Initially, even though stance takes depth into account, you would
just attack a square on the 2d grid (3 high and 3 wide) between you
and your opponent. If they are in the /en garde/ position, the
head, torso, and right leg would present targets withing the central
column of the 2d grid. When you add in the concept of weapon reach,
you can add a 3rd (depth) dimension to the target locations. Now, a
dagger might not reach the head, but a sword would. Whereas before,
either dagger or sword could attack the headh in the 2d grid.
> At the current leaps and bounds of graphics, could the techonology
> support real-time rendering about 1000 animation poses with
> several times as many transition animations sometime this decade?
> I don't know the state of the art of graphics programming.
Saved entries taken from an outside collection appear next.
(* The $\mathbf k$-linear map $\varphi:\mathrm{WCQSym}\to\mathrm{QSym}$, defined by $\varphi(M_\alpha)=(-1)^{\ell_\varepsilon(\alpha)}M_{\bar\alpha}$ if $\alpha\in\mathcal C_N$ and $\varphi(M_\alpha)=0$ if $\alpha\in\mathcal C_\varepsilon$, is an algebra homomorphism.
   Context: $\tilde{\mathbb N}=\mathbb N\cup\{\varepsilon\}$ with $0+\varepsilon=\varepsilon+\varepsilon=\varepsilon$ and $n+\varepsilon=n$ for integers $n\ge1$. $\mathbf{k}$ is a commutative ring containing $\mathbb Q$; $\mathbf{k}[[X]]_{\tilde{\mathbb N}}$, $X=\{x_1<x_2<\cdots\}$, is the algebra of possibly infinite linear combinations of formal monomials $\prod x_i^{f(x_i)}$ with $f$ finitely supported $\tilde{\mathbb N}$-valued, multiplied by adding exponents in $\tilde{\mathbb N}$. An $\tilde{\mathbb N}$-composition is a finite (possibly empty) sequence of elements of $\{\varepsilon,1,2,\dots\}$; $M_{(\alpha_1,\dots,\alpha_k)}=\sum_{1\le i_1<\cdots<i_k}x_{i_1}^{\alpha_1}\cdots x_{i_k}^{\alpha_k}$, $M_\emptyset=1$. $\mathrm{WCQSym}$ is the $\mathbf k$-span of all $M_\alpha$ (a subalgebra with the $M_\alpha$ as basis), and $\mathrm{QSym}$ the span of those with all entries positive integers. $\ell_\varepsilon(\alpha)$ is the number of entries equal to $\varepsilon$, $\bar\alpha$ is $\alpha$ with its $\varepsilon$ entries deleted. $\mathcal C_\varepsilon$ is the set of $\tilde{\mathbb N}$-compositions whose first entry is $\varepsilon$, $\mathcal C_N$ the set of all others (including the empty one). *)

From mathcomp Require Import all_boot all_algebra.
Set Implicit Arguments. Unset Strict Implicit. Unset Printing Implicit Defensive.
Import GRing.Theory.
Local Open Scope ring_scope.

(* Ñ = N ∪ {ε}:  None = ε,  Some n = the integer n. *)
Definition tN := option nat.

Definition tadd (a b : tN) : tN :=
  match a, b with
  | Some m, Some n => Some (m + n)%N
  | None, None => None
  | Some 0, None | None, Some 0 => None
  | Some n, None | None, Some n => Some n
  end.

(* A monomial prod_i x_i^{f(x_i)} is represented by the finite sequence
   [f(x_1); ...; f(x_n)] of exponents (trailing Some 0 entries are
   irrelevant; all series used below are invariant under them). *)
Definition monomial := seq tN.

Definition series (k : Type) := monomial -> k.

Definition tbound (e : tN) : nat := if e is Some n then n else 0%N.
Definition tcands (e : tN) : seq tN := None :: [seq Some i | i <- iota 0 (tbound e).+1].
Definition splits (e : tN) : seq (tN * tN) :=
  [seq p <- [seq (a, b) | a <- tcands e, b <- tcands e] | tadd p.1 p.2 == e].

Fixpoint decomps (m : monomial) : seq (monomial * monomial) :=
  match m with
  | [::] => [:: ([::], [::])]
  | e :: m' => [seq (p.1 :: q.1, p.2 :: q.2) | p <- splits e, q <- decomps m']
  end.

Definition smul (k : comRingType) (F G : series k) : series k :=
  fun m => \sum_(q <- decomps m) F q.1 * G q.2.

(* Ñ-compositions: finite sequences with entries in {ε,1,2,...} *)
Definition wcomp (a : seq tN) : bool := all (fun e => e != Some 0%N) a.

Definition compress (m : monomial) : seq tN := [seq e <- m | e != Some 0%N].

Definition M (k : comRingType) (alpha : seq tN) : series k :=
  fun m => (compress m == alpha)%:R.

Definition Msum (k : comRingType) (l : seq (seq tN * k)) : series k :=
  fun m => \sum_(p <- l) p.2 * M k p.1 m.

Definition ell_eps (a : seq tN) : nat := count (fun e => e == None) a.
Definition bar (a : seq tN) : seq tN := [seq e <- a | e != None].
Definition in_Ceps (a : seq tN) : bool := if a is None :: _ then true else false.

Definition phi (k : comRingType) (l : seq (seq tN * k)) : seq (seq tN * k) :=
  [seq (bar p.1, (-1) ^+ ell_eps p.1 * p.2) | p <- l & ~~ in_Ceps p.1].

From mathcomp Require Import all_boot all_algebra.
From mathcomp Require Import ring.
From Stdlib Require Import FunctionalExtensionality.
Set Implicit Arguments. Unset Strict Implicit. Unset Printing Implicit Defensive.
Import GRing.Theory.
Local Open Scope ring_scope.

(* M_a M_b is the sum of the M_d over the quasi-shuffles d of a and b (colliding
   letters are added in Ñ), and the M_d with d a weak composition are linearly
   independent, so it suffices to check phi on products of two M's. Erasing the
   ε-letters maps the quasi-shuffles of a and b onto those of bar a and bar b;
   the surplus ones cancel in pairs, since merging an ε into a neighbouring
   letter y (ε + y = y) removes one ε and so flips the sign. *)

Lemma tadd0l y : tadd (Some 0%N) y = y.
Proof. by case: y => [[|n]|]. Qed.

Lemma tadd0r x : tadd x (Some 0%N) = x.
Proof. by case: x => [[|n]|] //=; rewrite addn0. Qed.

Lemma taddC : commutative tadd.
Proof. by case=> [[|i]|]; case=> [[|j]|] //=; rewrite addnC. Qed.

Lemma tadd_neq0 x y : x != Some 0%N -> y != Some 0%N -> tadd x y != Some 0%N.
Proof. by case: x => [[|n]|]; case: y => [[|m]|]. Qed.

Lemma tadd_some n m : tadd (Some n) (Some m) = Some (n + m)%N.
Proof. by case: n. Qed.

Lemma tadd_eps_l n : Some n != Some 0%N -> tadd None (Some n) = Some n.
Proof. by case: n. Qed.

Lemma tadd_eps_r n : Some n != Some 0%N -> tadd (Some n) None = Some n.
Proof. by case: n. Qed.

Lemma mem_tcands_tadd u v : u \in tcands (tadd u v).
Proof.
case: u => [i|]; last exact: mem_head.
rewrite inE (mem_map (@Some_inj _)) mem_iota add0n ltnS.
by case: v => [j|]; case: i => [|i] //=; rewrite ?leq_addr.
Qed.

Lemma uniq_tcands e : uniq (tcands e).
Proof.
rewrite cons_uniq (map_inj_uniq (@Some_inj _)) iota_uniq andbT.
by apply/mapP => -[].
Qed.

Lemma uniq_splits e : uniq (splits e).
Proof. by rewrite filter_uniq // allpairs_uniq ?uniq_tcands // => -[? ?] [? ?]. Qed.

Lemma mem_splits e u v : ((u, v) \in splits e) = (tadd u v == e).
Proof.
rewrite mem_filter; case: eqP => [<-|] //; rewrite andTb.
by apply: (allpairs_f pair); last rewrite taddC; exact: mem_tcands_tadd.
Qed.

Fixpoint qshuffle (a b : seq tN) {struct a} : seq (seq tN) :=
  match a with
  | [::] => [:: b]
  | x :: a' => let fix qshuffle_a (b : seq tN) : seq (seq tN) :=
       match b with
       | [::] => [:: a]
       | y :: b' => [seq x :: d | d <- qshuffle a' b] ++ [seq y :: d | d <- qshuffle_a b']
                    ++ [seq tadd x y :: d | d <- qshuffle a' b']
       end in qshuffle_a b
  end.

Lemma qshuffle0r a : qshuffle a [::] = [:: a]. Proof. by case: a. Qed.

Lemma qshuffle_cons x a y b : qshuffle (x :: a) (y :: b) =
  [seq x :: d | d <- qshuffle a (y :: b)] ++ [seq y :: d | d <- qshuffle (x :: a) b]
  ++ [seq tadd x y :: d | d <- qshuffle a b].
Proof. by []. Qed.

Lemma all_wcomp_qshuffle a b : wcomp a -> wcomp b -> all wcomp (qshuffle a b).
Proof.
elim: a b => [|x a IHa] b; first by rewrite /= andbT.
elim: b => [|y b IHb]; first by rewrite qshuffle0r /= andbT.
move=> wxa wyb; move: (wxa) (wyb) => /andP[x0 wa] /andP[y0 wb].
rewrite qshuffle_cons !all_cat !all_map; apply/and3P; split; apply/allP => d hd.
- by rewrite /= x0 (allP (IHa _ wa wyb)).
- by rewrite /= y0 (allP (IHb wxa wb)).
- by rewrite /= tadd_neq0 // (allP (IHa _ wa wb)).
Qed.

Lemma bar_some n a : bar (Some n :: a) = Some n :: bar a.
Proof. by []. Qed.

Lemma bar_eps a : bar (None :: a) = bar a.
Proof. by []. Qed.

Lemma wcomp_bar a : wcomp a -> wcomp (bar a).
Proof. by rewrite /wcomp all_filter => /sub_all; apply=> x /= ->; rewrite implybT. Qed.

Lemma M_wcomp (k : comNzRingType) a d : wcomp d -> M k a d = (d == a)%:R.
Proof. by rewrite /M /compress => /all_filterP ->. Qed.

Section Product.
Variable k : comNzRingType.

Lemma big_eq_indicator_uniq (T : eqType) (s : seq T) a (g : T -> k) : uniq s ->
  \sum_(d <- s) (d == a)%:R * g d = (a \in s)%:R * g a.
Proof.
move=> us; have [sa|sa] := boolP (a \in s).
  rewrite (big_rem a) //= eqxx big1_seq ?addr0 // => d /andP[_ hd].
  by rewrite (negbTE (memPn _ _ hd)) ?mul0r // mem_rem_uniqF.
by rewrite mul0r big1_seq // => d /andP[_ hd]; rewrite (negbTE (memPn sa _ hd)) mul0r.
Qed.

Lemma big_qshuffle_cons x a y b (f : seq tN -> k) :
  \sum_(d <- qshuffle (x :: a) (y :: b)) f d =
  \sum_(d <- qshuffle a (y :: b)) f (x :: d) + \sum_(d <- qshuffle (x :: a) b) f (y :: d)
  + \sum_(d <- qshuffle a b) f (tadd x y :: d).
Proof. by rewrite qshuffle_cons !big_cat !big_map; exact: addrA. Qed.

Lemma sum_splits_indicator u v e :
  \sum_(p <- splits e) ((p.1 == u)%:R * (p.2 == v)%:R : k) = (tadd u v == e)%:R.
Proof.
transitivity (\sum_(p <- splits e) ((p == (u, v))%:R * 1 : k)).
  by apply: eq_bigr => -[a b] _; rewrite xpair_eqE mulr1 -natrM mulnb.
by rewrite big_eq_indicator_uniq ?uniq_splits // mem_splits mulr1.
Qed.

Lemma big_mulrDD (I : Type) (r : seq I) (a b c d : k) (A A' B B' : I -> k) :
  \sum_(i <- r) (a * A i + b * A' i) * (c * B i + d * B' i) =
  a * c * \sum_(i <- r) A i * B i + a * d * \sum_(i <- r) A i * B' i +
  b * c * \sum_(i <- r) A' i * B i + b * d * \sum_(i <- r) A' i * B' i.
Proof. by rewrite !mulr_sumr -!big_split /=; apply: eq_bigr => i _; ring. Qed.

Lemma smul_cons (F F0 F1 G G0 G1 : series k) x y e m :
  (forall u c, F (u :: c) = (u == Some 0%N)%:R * F0 c + (u == x)%:R * F1 c) ->
  (forall u c, G (u :: c) = (u == Some 0%N)%:R * G0 c + (u == y)%:R * G1 c) ->
  smul F G (e :: m) =
    (Some 0%N == e)%:R * smul F0 G0 m + (y == e)%:R * smul F0 G1 m +
    (x == e)%:R * smul F1 G0 m + (tadd x y == e)%:R * smul F1 G1 m.
Proof.
move=> Fcons Gcons; rewrite /smul /= big_allpairs_dep /=.
under eq_bigr => p _ do under eq_bigr => q _ do rewrite Fcons Gcons.
under eq_bigr => p _ do rewrite big_mulrDD.
by rewrite !big_split -!mulr_suml !sum_splits_indicator !tadd0l !tadd0r.
Qed.

Definition Mtail (a : seq tN) : series k :=
  if a is _ :: a' then M k a' else fun _ => 0.

Lemma smul0l (G : series k) m : smul (fun _ => 0) G m = 0.
Proof. by rewrite /smul big1 // => q _; rewrite mul0r. Qed.

Lemma smul0r (F : series k) m : smul F (fun _ => 0) m = 0.
Proof. by rewrite /smul big1 // => q _; rewrite mulr0. Qed.

Lemma M_cons_neq0 a e m : e != Some 0%N ->
  M k a (e :: m) = (e == head None a)%:R * Mtail a m.
Proof.
rewrite /M /= => /negbTE ->.
by case: a => [|x a] /=; rewrite ?mulr0 // eqseq_cons -mulnb natrM.
Qed.

Lemma head_neq0 a : wcomp a -> head None a != Some 0%N.
Proof. by case: a => [|x a] // /andP[]. Qed.

Lemma M_cons a : wcomp a -> forall u m,
  M k a (u :: m) = (u == Some 0%N)%:R * M k a m + (u == head None a)%:R * Mtail a m.
Proof.
move=> /head_neq0 a0 u m.
have [->|u0] := eqVneq u (Some 0%N); last by rewrite M_cons_neq0 // mul0r add0r.
by rewrite mul1r eq_sym (negbTE a0) mul0r addr0.
Qed.

Lemma smul_M a b m : wcomp a -> wcomp b ->
  smul (M k a) (M k b) m = \sum_(d <- qshuffle a b) M k d m.
Proof.
elim: m a b => [|e m IHm] a b wa wb.
  rewrite /smul /= big_seq1 /M /=.
  case: a wa => [|x a] wa; case: b wb => [|y b] wb.
  - by rewrite big_seq1 mulr1.
  - by rewrite big_seq1 mul1r.
  - by rewrite qshuffle0r big_seq1 mulr1.
  - by rewrite big_qshuffle_cons !big1 ?mul0r ?addr0.
rewrite (smul_cons _ _ (M_cons wa) (M_cons wb)) IHm //.
have [->|e0] := eqVneq e (Some 0%N).
  rewrite mul1r (negbTE (head_neq0 wa)) (negbTE (head_neq0 wb)).
  by rewrite (negbTE (tadd_neq0 (head_neq0 wa) (head_neq0 wb))) !mul0r !addr0.
rewrite mul0r add0r.
under [RHS]eq_bigr => d _ do rewrite M_cons_neq0 //.
case: a wa => [|x a] wa; case: b wb => [|y b] wb;
  rewrite ?qshuffle0r ?big_seq1 ?big_qshuffle_cons; cbn [head Mtail];
  rewrite ?smul0l ?smul0r ?mulr0 ?add0r ?addr0.
- by [].
- by case/andP: wb => _ wb; rewrite IHm // big_seq1 eq_sym.
- by case/andP: wa => _ wa; rewrite IHm // qshuffle0r big_seq1 eq_sym.
case/andP: (wa) => _ wa'; case/andP: (wb) => _ wb'.
rewrite !IHm // -!mulr_sumr !(eq_sym e); congr (_ + _); exact: addrC.
Qed.

End Product.

Section Sign.
Variable k : comNzRingType.

Definition eps_sign (a : seq tN) : k := (-1) ^+ ell_eps a.

Lemma eps_sign_nil : eps_sign [::] = 1.
Proof. exact: expr0. Qed.

Lemma eps_sign_eps a : eps_sign (None :: a) = - eps_sign a.
Proof. by rewrite /eps_sign /= exprS mulN1r. Qed.

Lemma eps_sign_some n a : eps_sign (Some n :: a) = eps_sign a.
Proof. by []. Qed.

Lemma big_eps_sign_some n L (f : seq tN -> k) :
  \sum_(d <- L) eps_sign (Some n :: d) * f (bar (Some n :: d)) =
  \sum_(d <- L) eps_sign d * (fun d => f (Some n :: d)) (bar d).
Proof. by []. Qed.

Lemma big_eps_sign_eps L (f : seq tN -> k) :
  \sum_(d <- L) eps_sign (None :: d) * f (bar (None :: d)) =
  - \sum_(d <- L) eps_sign d * f (bar d).
Proof. by rewrite -sumrN; apply: eq_bigr => d _; rewrite eps_sign_eps mulNr. Qed.

Lemma sum_qshuffle_eps_sign a b (f : seq tN -> k) : wcomp a -> wcomp b ->
  \sum_(d <- qshuffle a b) eps_sign d * f (bar d) =
  eps_sign a * eps_sign b * \sum_(d <- qshuffle (bar a) (bar b)) f d.
Proof.
elim: a b f => [|x a IHa] b f.
  by move=> _ _; rewrite !big_seq1 eps_sign_nil mul1r.
elim: b f => [|y b IHb] f; first by move=> _ _; rewrite !qshuffle0r !big_seq1 eps_sign_nil mulr1.
move=> wxa wyb; move: (wxa) (wyb) => /andP[x0 wa] /andP[y0 wb].
have IH1 f' := IHa (y :: b) f' wa wyb; have IH2 f' := IHb f' wxa wb.
have IH3 f' := IHa b f' wa wb.
rewrite big_qshuffle_cons.
case: x x0 {wxa IHa IHb} IH1 IH2 IH3 => [n|] x0 IH1 IH2 IH3;
  case: y y0 {wyb} IH1 IH2 IH3 => [m|] y0 IH1 IH2 IH3.
- rewrite tadd_some !big_eps_sign_some (IH1 (fun d => f (Some n :: d)))
    (IH2 (fun d => f (Some m :: d))) (IH3 (fun d => f (Some (n + m)%N :: d))).
  by rewrite !bar_some big_qshuffle_cons tadd_some !eps_sign_some; ring.
- rewrite tadd_eps_r // !big_eps_sign_some big_eps_sign_eps
    (IH1 (fun d => f (Some n :: d))) IH2 (IH3 (fun d => f (Some n :: d))).
  rewrite bar_some bar_eps !eps_sign_eps; ring.
- rewrite tadd_eps_l // !big_eps_sign_some big_eps_sign_eps IH1
    (IH2 (fun d => f (Some m :: d))) (IH3 (fun d => f (Some m :: d))).
  rewrite bar_some bar_eps !eps_sign_eps; ring.
- rewrite [tadd _ _]/= !big_eps_sign_eps IH1 IH2 IH3 !bar_eps !eps_sign_eps; ring.
Qed.

Definition phi_weight (a : seq tN) : k := (~~ in_Ceps a)%:R * eps_sign a.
Me neither. As someone else pointed out, the AI could be
problematic as well.
> The way you defined weapon reach, it sounded like a weapon that
> was longer penetrated both shallower and deeper into the personal
> space of the target. Since it thus threatens more cubes in the
> 3-grid, a longer weapon dominates a shorter one. that Did I
> overlook some qualitative or quantitative countermeasure?
Assuming that a successful defensive form intercepts the attacking
form at any cube along the attacking weapon's length, it seems to me
there would be more opportunity to block a longer weapon. Whereas
to successfully block a dagger, one would have to execute a form
targetted to intercept at one and only one cube, to block a staff,
one can select any form that would intercept at any of the three
cubes describing the weapon's length. In other words, using a staff
could triple the number of defensive or riposte forms availabe to
your opponent, giving him more options for moving into a checkmate
position.
> A gentle (continous, monotonic, strictly increasing) fitness slope
> is trivial for any evolutionary algorithm to climb. Likewise,
> such fitness slopes are reducible to the old binary search
> guessing (pick a number between 1 and 100...). Thus, dull for a
> sophisticated player, after discovering this property. In
> addition to collision detection, are there other /qualtitative/
> differences? This would, analogous to a knight's move, is neither
> forward nor aside, nor continuously through, but a discrete leap.
> In any case, thank you for the tour.
I don't have your knowledge of game theory, so I often feel like I
think I know what you are saying, but am not quite sure. I hope the
above gave you a better idea about what I'm getting at, but if not,
please keep asking questions. I'm bound to understand eventually.